The information bureau certainly worked on me. At the age of 9 or 10 when Big A Little A came out, all the ideas about anarchism and pacifism that Crass espoused just struck a chord with me and I developed some principles that have stuck with me throughout life even if they adapt to the environment or circumstances. The bands I’ve played in, the gigs I’ve promoted, the zines I’ve written for or published, the activism, protests and direct action…But do we get that sense of identity from the internet that encourages us to band together with people who we share attitudes with? To an extent yes, but I’m not so sure. “Like” is not the same as “Do”……

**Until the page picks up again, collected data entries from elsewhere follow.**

(* Let $X_1$ be a random variable with $\mathbb EX_1=0$, $\operatorname{Var}X_1=1$, such that $\varphi(t)=\log\mathbb Ee^{tX_1}<\infty$ for all $t\geq-\sigma_0$ for some $\sigma_0>0$, and let $I(s)=\sup_{t\geq0}(st-\varphi(t))$, $s\geq0$. Let $m_*>1$. The following are equivalent: (a) there is $t_*>0$ with $\frac{\varphi(t_* )}{t_*^2/2}=m_*$ and for every $\varepsilon>0$, $\sup_{0<t<t_*-\varepsilon}\frac{\varphi(t)}{t^2/2}<m_*$ and $\sup_{t>t_*+\varepsilon}\frac{\varphi(t)}{t^2/2}<m_*$; (b) there is $s_*>0$ with $\frac{I(s_* )}{s_*^2/2}=\frac1{m_*}$ and for every $\varepsilon>0$, $\inf_{0<s<s_*-\varepsilon}\frac{I(s)}{s^2/2}>\frac1{m_*}$ and $\inf_{s>s_*+\varepsilon}\frac{I(s)}{s^2/2}>\frac1{m_*}$. Moreover, if these hold, then $\varphi(t_* )=I(s_* )=s_*t_*/2$, $s_*=\varphi'(t_* )=t_*m_*$, $t_*=I'(s_* )=s_*/m_*$, and $I''(s_* )\varphi''(t_* )=1$. *)

From HB Require Import structures.
From mathcomp Require Import all_boot all_order all_algebra.
From mathcomp Require Import all_classical all_reals all_analysis.
Set Implicit Arguments. Unset Strict Implicit. Unset Printing Implicit Defensive.
Import Order.TTheory GRing.Theory Num.Theory.
Import numFieldNormedType.Exports.
Local Open Scope classical_set_scope.
Local Open Scope ring_scope.

(* cumulant generating function  phi(t) = log E e^{tX}  (meaningful where the
   moment generating function 'M_P X t is finite) *)
Definition cgf d (T : measurableType d) (R : realType) (P : probability T R)
  (X : T -> R) (t : R) : R := ln (fine ('M_P X t)).

Definition rate d (T : measurableType d) (R : realType) (P : probability T R)
  (X : T -> R) (s : R) : \bar R :=
  ereal_sup [set ((s * t - cgf P X t)%:E) | t in [set t : R | 0 <= t]].

From HB Require Import structures.
From mathcomp Require Import all_boot all_order all_algebra.
From mathcomp Require Import all_classical all_reals all_analysis.
From mathcomp Require Import ring lra.
Import measurable_realfun.
Import Order.TTheory GRing.Theory Num.Theory.
Import numFieldNormedType.Exports.
Local Open Scope classical_set_scope.
Local Open Scope ring_scope.
Set Implicit Arguments. Unset Strict Implicit. Unset Printing Implicit Defensive.

(* The cumulant generating function phi is smooth and strictly convex on (-sigma0, +oo):
   its derivatives are ratios of the tilted moments E[X^k e^(tX)], and phi'' is the
   variance of a tilted law.  Hence for t >= 0 the supremum defining I(phi'(t)) is
   attained at t, so I(phi'(t)) = t phi'(t) - phi(t), I' is the inverse of phi', and
   I''(phi'(t)) phi''(t) = 1.  Write g(t) = phi(t)/(t^2/2) and h(s) = I(s)/(s^2/2).
   Choosing t = s/m in the supremum gives h(s) >= 1/m + (m - g(s/m))/m^2, and
   completing a square gives g(t) <= 1/h(phi'(t)).  At a maximiser t of g with value m,
   phi(u) - m u^2/2 is maximal at u = t, so phi'(t) = m t; the two inequalities then
   carry a well-separated maximum of g at t to a well-separated minimum of h at m t,
   and back. *)

Section ereal_bounds.
Context {R : realType} {T : Type}.
Implicit Types (S : set T) (f : T -> R) (F : T -> \bar R).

Although I started off the interview by asking Steve about his involvement with the Sea Palling lifeboat, that subject has been covered in-depth in pieces for Quietus and even a short piece on the Beeb so you’re better off checking them out. But I think it’s worth relaying a little of what it is like for him out on the sea:

“Really scary. It’s mostly broken down jet skis or people caught by the tide but even though we have had some people who were hypothermic we’ve not lost anyone. The scariest is when we get a shout and it’s a child. We know if we are not stood down within 20 minutes it is going to be a nasty scenario“.

It seemed pointless to even bother asking if it’s more scary than being on stage in front of several thousand punks. This shit is life or death.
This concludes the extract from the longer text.